End-to-end Learning for OFDM: From Neural Receivers to Pilotless
Communication
- URL: http://arxiv.org/abs/2009.05261v3
- Date: Thu, 29 Jul 2021 06:26:37 GMT
- Title: End-to-end Learning for OFDM: From Neural Receivers to Pilotless
Communication
- Authors: Fay\c{c}al Ait Aoudia and Jakob Hoydis
- Abstract summary: We explore the gains of end-to-end learning over a frequency- and time-selective fading channel.
With imperfect channel knowledge at the receiver, the shaping gains observed on AWGN channels vanish.
We identify two other sources of performance improvements.
- Score: 12.325545487629297
- License: http://arxiv.org/licenses/nonexclusive-distrib/1.0/
- Abstract: Previous studies have demonstrated that end-to-end learning enables
significant shaping gains over additive white Gaussian noise (AWGN) channels.
However, its benefits have not yet been quantified over realistic wireless
channel models. This work aims to fill this gap by exploring the gains of
end-to-end learning over a frequency- and time-selective fading channel using
orthogonal frequency division multiplexing (OFDM). With imperfect channel
knowledge at the receiver, the shaping gains observed on AWGN channels vanish.
Nonetheless, we identify two other sources of performance improvements. The
first comes from a neural network (NN)-based receiver operating over a large
number of subcarriers and OFDM symbols which allows to significantly reduce the
number of orthogonal pilots without loss of bit error rate (BER).
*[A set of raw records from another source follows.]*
(* Let $n>1$ and $m$ be integers with $0<m<n$. Then $$\left|\mathcal{F}(n,m)\right|=|\mathcal{F}_{n-m}^m|+|\mathcal{F}^{n-m}_m|-1,$$ and $$\left|\mathcal{F}(n,m)\right|-2=\sum_{d\geq1}\overline{\mu}(d)\cdot\left\lfloor\tfrac md\right\rfloor\cdot\left\lfloor\tfrac{n-m}{d}\right\rfloor .$$ In particular, for every positive integer $t$, $$\sum_{d\geq1}\overline{\mu}(d)\cdot\left\lfloor\tfrac td\right\rfloor^2=\left|\mathcal{F}(2t,t)\right|-2=2\left|\mathcal{F}_t\right|-3 .$$
   Context: For an integer $N\geq 1$, the Farey sequence $\mathcal{F}_N$ is the ascending sequence of irreducible fractions $\tfrac hk$ (with $h\ge0$, $k\ge1$, $\gcd(h,k)=1$) such that $\tfrac01\leq\tfrac hk\leq\tfrac11$ and $1\leq k\leq N$. For integers $N\ge1$ and $M$, $\mathcal{F}_N^M:=\left(\tfrac hk\in\mathcal{F}_N:\ h\leq M\right)$. For $0<m<n$, $\mathcal{F}(n,m):=\left(\tfrac hk\in\mathcal{F}_n:\ h\leq m,\ k-h\leq n-m\right)$ (the Farey subsequence associated with an element of rank $m$ in the Boolean lattice of rank $n$). $\overline{\mu}$ denotes the number-theoretic Möbius function, and $|\cdot|$ denotes the number of terms of a sequence. *)

From mathcomp Require Import all_boot all_order all_algebra.
Set Implicit Arguments. Unset Strict Implicit. Unset Printing Implicit Defensive.
Import GRing.Theory Num.Theory.

(* A fraction h/k of [0,1] is represented by the pair (h, k) of naturals. *)

Definition farey (N : nat) : seq (nat * nat) :=
  [seq p <- [seq (h, k) | k <- iota 1 N, h <- iota 0 k.+1] | coprime p.1 p.2].

Definition fareyM (N M : nat) : seq (nat * nat) :=
  [seq p <- farey N | p.1 <= M].

Definition fareyB (n m : nat) : seq (nat * nat) :=
  [seq p <- farey n | (p.1 <= m) && (p.2 - p.1 <= n - m)].

(* Number-theoretic Moebius function (mu 0 := 0 by convention; unused). *)
Definition moebius (d : nat) : int :=
  (if d == 0 then 0
  else if all (fun p => logn p d == 1) (primes d)
       then (-1) ^+ size (primes d) else 0)%R.

(* A fraction h/k of F(a+b, a) is the same as a coprime pair (h, k - h) of the
   grid [0, a] x [0, b].  Pairs with h <= j are exactly the fractions h/j of
   F_b^a, and transposing the pairs with h >= j gives F_a^b; the two families
   share only (1, 1).  Besides (0, 1) and (1, 0), the coprime pairs of the grid
   lie in [1, a] x [1, b], where Moebius inversion
   [gcd(h, j) = 1] = sum_(d | h, d | j) mu(d) counts them as
   sum_d mu(d) (a / d) (b / d).  For a = b = t the two Farey subsequences are
   both F_t. *)

From mathcomp Require Import all_boot all_order all_algebra.
From mathcomp Require Import zify.
Import GRing.Theory Num.Theory.
Set Implicit Arguments. Unset Strict Implicit. Unset Printing Implicit Defensive.

Lemma moebius_sq_dvd p d : prime p -> 0 < d -> p ^ 2 %| d -> moebius d = 0%R.
Proof.
move=> p_pr d_gt0 p2d; rewrite /moebius ifN ?gtn_eqF //.
have pd : p %| d by apply: dvdn_trans p2d; rewrite (expnS p 1) dvdn_mulr.
case: ifP => // /allP /(_ p); rewrite mem_primes p_pr d_gt0 pd => /(_ isT) /eqP.
by move: p2d; rewrite pfactor_dvdn //; lia.
Qed.

Lemma moebius_primeM p s : prime p -> 0 < s -> ~~ (p %| s) ->
  moebius (p * s) = (- moebius s)%R.
Proof.
move=> p_pr s_gt0 p_ndvd_s; have p_gt0 := prime_gt0 p_pr.
have cop_ps : coprime p s by rewrite prime_coprime.
have primes_ps : perm_eq (primes (p * s)) (p :: primes s).
  apply: uniq_perm; rewrite ?primes_uniq //=.
    by rewrite primes_uniq mem_primes (negbTE p_ndvd_s) !andbF.
  by move=> q; rewrite primesM // in_cons primes_prime // mem_seq1.
rewrite /moebius muln_eq0 (gtn_eqF p_gt0) (gtn_eqF s_gt0) /=.
rewrite (perm_all _ primes_ps) (perm_size primes_ps) /=.
rewrite lognM // logn_prime // eqxx (logn_coprime cop_ps) /=.
rewrite (@eq_in_all _ _ (fun q => logn q s == 1)); last first.
  move=> q; rewrite mem_primes => /and3P [q_pr _ qs].
  have /negPf qp : q != p by apply: contraNneq p_ndvd_s => <-.
  by rewrite lognM // logn_prime // qp.
by case: ifP => _; rewrite ?oppr0 // exprS mulN1r.
Qed.

Lemma perm_p2free_divisors p r e : prime p -> coprime p r -> 0 < r -> 0 < e ->
  perm_eq [seq d <- divisors (r * p ^ e) | ~~ (p ^ 2 %| d)]
          (divisors r ++ map (muln p) (divisors r)).
Proof.
move=> p_pr cop_pr r_gt0 e_gt0; have p_gt0 := prime_gt0 p_pr.
have g_gt0 : 0 < r * p ^ e by rewrite muln_gt0 r_gt0 expn_gt0 p_gt0.
have p_ndvd s : s %| r -> ~~ (p %| s).
  move=> sr; apply: contraL cop_pr => ps.
  by rewrite prime_coprime // negbK (dvdn_trans ps sr).
have dvd_r k d : coprime d p -> d %| r * p ^ k -> d %| r.
  by move=> cop_dp; rewrite Gauss_dvdl // coprimeXr.
apply: uniq_perm.
- by rewrite filter_uniq // divisors_uniq.
- rewrite cat_uniq divisors_uniq map_inj_uniq ?divisors_uniq; last first.
    by move=> x y /eqP; rewrite eqn_pmul2l // => /eqP.
  rewrite andbT /=; apply/hasPn => x /mapP [s]; rewrite -dvdn_divisors // => sr ->.
  rewrite -dvdn_divisors //; apply: contra (p_ndvd _ (dvdnn r)).
  exact/dvdn_trans/dvdn_mulr.
move=> d; rewrite mem_filter mem_cat -!dvdn_divisors //; apply/andP/orP.
- move=> [np2d dg].
  have [pd|npd] := boolP (p %| d); last first.
    by left; apply: (dvd_r e) dg; rewrite coprime_sym prime_coprime.
  right; apply/mapP; exists (d %/ p); last by rewrite mulnC divnK.
  have npdp : ~~ (p %| d %/ p).
    apply: contra np2d => pdp.
    by rewrite -(divnK pd) (expnS p 1) expn1 mulnC dvdn_pmul2l.
  rewrite -dvdn_divisors //; apply: (dvd_r e.-1); first by rewrite coprime_sym prime_coprime.
  rewrite -(dvdn_pmul2l p_gt0) (mulnC p (d %/ p)) divnK // mulnCA -expnS prednK //.
- case=> [dr|/mapP [s]].
    split; last by rewrite dvdn_mulr.
    by apply: contra (p_ndvd _ dr); apply: dvdn_trans; rewrite (expnS p 1) dvdn_mulr.
  rewrite -dvdn_divisors // => sr ->; split.
    by rewrite expnS expn1 dvdn_pmul2l // p_ndvd.
  by rewrite -(prednK e_gt0) expnS mulnCA dvdn_pmul2l // dvdn_mulr.
Qed.

Lemma sum_moebius_divisors g : 0 < g ->
  (\sum_(d <- divisors g) moebius d)%R = (g == 1)%:R%R.
Proof.
move=> g_gt0; have [->|g_neq1] := eqVneq g 1; first by rewrite big_seq1.
have p_pr : prime (pdiv g) by rewrite pdiv_prime // ltn_neqAle eq_sym g_neq1.
have [r cop_pr g_def] := pfactor_coprime p_pr g_gt0.
set p := pdiv g in p_pr cop_pr g_def; set e := logn p g in g_def.
have e_gt0 : 0 < e by rewrite logn_gt0 mem_primes p_pr g_gt0 pdiv_dvd.
have r_gt0 : 0 < r by move: g_gt0; rewrite g_def muln_gt0 => /andP [].
(* Divisors divisible by p^2 contribute 0; the others pair off as s and p s,
   with opposite signs. *)
rewrite (bigID (fun d => p ^ 2 %| d)) /= big1_seq ?add0r; last first.
  move=> d /andP [p2d]; rewrite -dvdn_divisors // => dg.
  exact: moebius_sq_dvd p_pr (dvdn_gt0 g_gt0 dg) p2d.
rewrite -big_filter g_def (perm_big _ (perm_p2free_divisors p_pr cop_pr r_gt0 e_gt0)).
rewrite big_cat big_map /= [X in (_ + X)%R](eq_big_seq (fun s => - moebius s)%R) ?sumrN ?addrN // => s.
rewrite -dvdn_divisors // => sr; rewrite moebius_primeM ?(dvdn_gt0 r_gt0 sr) //.
by apply: contraL cop_pr => ps; rewrite prime_coprime // negbK (dvdn_trans ps sr).
Qed.

Section CoprimeCount.
Local Open Scope ring_scope.

Lemma coprime_sum_moebius N h j : (0 < h <= N)%N ->
  (coprime h j)%:Z = \sum_(1 <= d < N.+1) moebius d * (d %| h)%:Z * (d %| j)%:Z.
Proof.
move=> /andP [h_gt0 h_le_N]; have g_gt0 : (0 < gcdn h j)%N by rewrite gcdn_gt0 h_gt0.
have -> : (coprime h j)%:Z = (gcdn h j == 1)%:R by rewrite /coprime; case: (_ == _).
rewrite -sum_moebius_divisors //.
have divisors_gcd : perm_eq (divisors (gcdn h j))
                            [seq d <- index_iota 1 N.+1 | (d %| gcdn h j)%N].
  apply: uniq_perm; rewrite ?divisors_uniq ?filter_uniq ?iota_uniq // => d.
  rewrite mem_filter -dvdn_divisors // mem_index_iota; case dg: (d %| _)%N => //=.
  have := dvdn_leq g_gt0 dg; have := dvdn_gt0 g_gt0 dg.
  have := dvdn_leq h_gt0 (dvdn_gcdl h j); lia.
rewrite (perm_big _ divisors_gcd) big_filter big_mkcond /=.
by apply: eq_bigr => d _; rewrite dvdn_gcd; do 2 case: (_ %| _)%N; rewrite ?mulr1 ?mulr0.
Qed.
Theorem mainTheorem2 (p n : nat) (hp : prime p)
  (V W : {vspace 'rV['F_p]_n})
  (hperp : forall v : 'rV['F_p]_n,
      (forall u, u \in V -> dotp u v = 0) -> v \in W)
  (B : {set 'I_n}) (rho : qop p n)
  (hrho : density rho)
  (hfid : fidelity_one (css (extB V B) (extB W B)) rho) :
  exists (k : nat) (pr : 'I_k -> algC) (psi : 'I_k -> qvec p n)
         (m : nat) (E : 'I_m -> 'rV['F_p]_n * 'rV['F_p]_n)
         (c : 'I_k -> 'I_m -> algC) (phi : 'I_k -> 'I_m -> qvec p n),
    [/\ forall i, 0 <= pr i,
        \sum_i pr i = 1,
        forall i, inner (psi i) (psi i) = 1 &
    [/\ forall j, pauli_supp (E j).1 (E j).2 \subset B,
        forall i j, css (fun u => u \in V) (fun w => w \in W) (phi i j),
        forall i x, psi i x = \sum_j c i j * apply_op (pauli (E j).1 (E j).2) (phi i j) x
      & forall x y, rho x y = \sum_i pr i * psi i x * (psi i y)^*]].
Proof.
have [rho_psd rho_tr] := hrho.
have [m [e [e_css [e_on [_ rho_fid]]]]] := hfid.
have [N [w [psi [a [w_ge0 w_sum psi_norm psi_span rhoE]]]]] :=
  fidelity_one_ensemble rho_psd rho_tr e_on rho_fid.
have psi_css i : css (extB V B) (extB W B) (psi i).
  exact: css_lincomb (fun j _ => e_css j) (psi_span i).
have /fin_all_exists[phi phiP] := fun i => css_extB_pauli_decomposition hp hperp (psi_css i).
pose P := [pred e : 'rV['F_p]_n * 'rV['F_p]_n | supported B e.1 && supported B e.2].
exists N, w, psi, #|P|, enum_val, (fun _ _ => 1), (fun i j => phi i (enum_val j)).
split=> //; split=> // [j|i j|i x].
- by have /andP[] := enum_valP j; apply: pauli_supp_sub.
- by have [] := phiP i.
- have [_ ->] := phiP i; rewrite (big_enum_val (A := P)).
  by apply: eq_bigr => j _; rewrite mul1r.
Qed.
Lemma mxpow_eigen {A v lam} k :
  A *m v = lam *: v -> mxpow A k *m v = lam ^+ k *: v.
Proof.
move=> Av; elim: k => [|k IH]; first by rewrite /mxpow /= mul1mx scale1r.
change (A *m mxpow A k *m v = lam ^+ k.+1 *: v).
by rewrite -mulmxA IH -scalemxAr Av scalerA exprS mulrC.
Qed.

Lemma expmx_trmx A t : expmx A^T t = (expmx A t)^T.
Proof.
apply/matrixP => i j; rewrite !mxE; congr (limn _); apply/funext => N.
by apply: eq_bigr => k _; rewrite mxpow_trmx mxE.
Qed.

Definition mxpow_rate A : R := 1 + \sum_i \sum_j `|A i j|.

Lemma mxpow_rate_ge1 A : 1 <= mxpow_rate A.
Proof. by rewrite lerDl sumr_ge0 // => i _; rewrite sumr_ge0. Qed.

Lemma mxpow_bound A k i j : `|mxpow A k i j| <= mxpow_rate A ^+ k.
Proof.
elim: k i j => [|k IH] i j.
  by rewrite /mxpow /= mxE expr0; case: (i == j); rewrite ?normr1 ?normr0.
change (`|(A *m mxpow A k) i j| <= mxpow_rate A ^+ k.+1); rewrite mxE.
apply: le_trans (ler_norm_sum _ _ _) _.
apply: (@le_trans _ _ (\sum_l `|A i l| * mxpow_rate A ^+ k)).
  by apply: ler_sum => l _; rewrite normrM ler_wpM2l.
rewrite -mulr_suml exprS ler_wpM2r ?exprn_ge0 //.
  exact: le_trans (mxpow_rate_ge1 A).
rewrite /mxpow_rate [X in _ <= 1 + X](bigD1 i) //= addrCA lerDl.
by rewrite addr_ge0 // sumr_ge0 // => l _; rewrite sumr_ge0.
Qed.

Definition expmx_partial A t N : 'M[R]_n :=
  \sum_(k < N) (t ^+ k / (k`!)%:R) *: mxpow A k.

Lemma expmx_partialE A t N i j :
  expmx_partial A t N i j = series (fun k => t ^+ k / (k`!)%:R * mxpow A k i j) N.
Proof.
by rewrite /series /= big_mkord summxE; apply: eq_bigr => k _; rewrite mxE.
Qed.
The second
comes from entirely eliminating orthognal pilots by jointly learning a neural
receiver together with either superimposed pilots (SIPs), linearly combined
with conventional quadrature amplitude modulation (QAM), or an optimized
constellation geometry. The learned geometry works for a wide range of
signal-to-noise ratios (SNRs), Doppler and delay spreads, has zero mean and
does hence not contain any form of superimposed pilots. Both schemes achieve
the same BER as the pilot-based baseline with around 7% higher throughput.
Thus, we believe that a jointly learned transmitter and receiver are a very
interesting component for beyond-5G communication systems which could remove
the need and associated control overhead for demodulation reference signals
(DMRSs).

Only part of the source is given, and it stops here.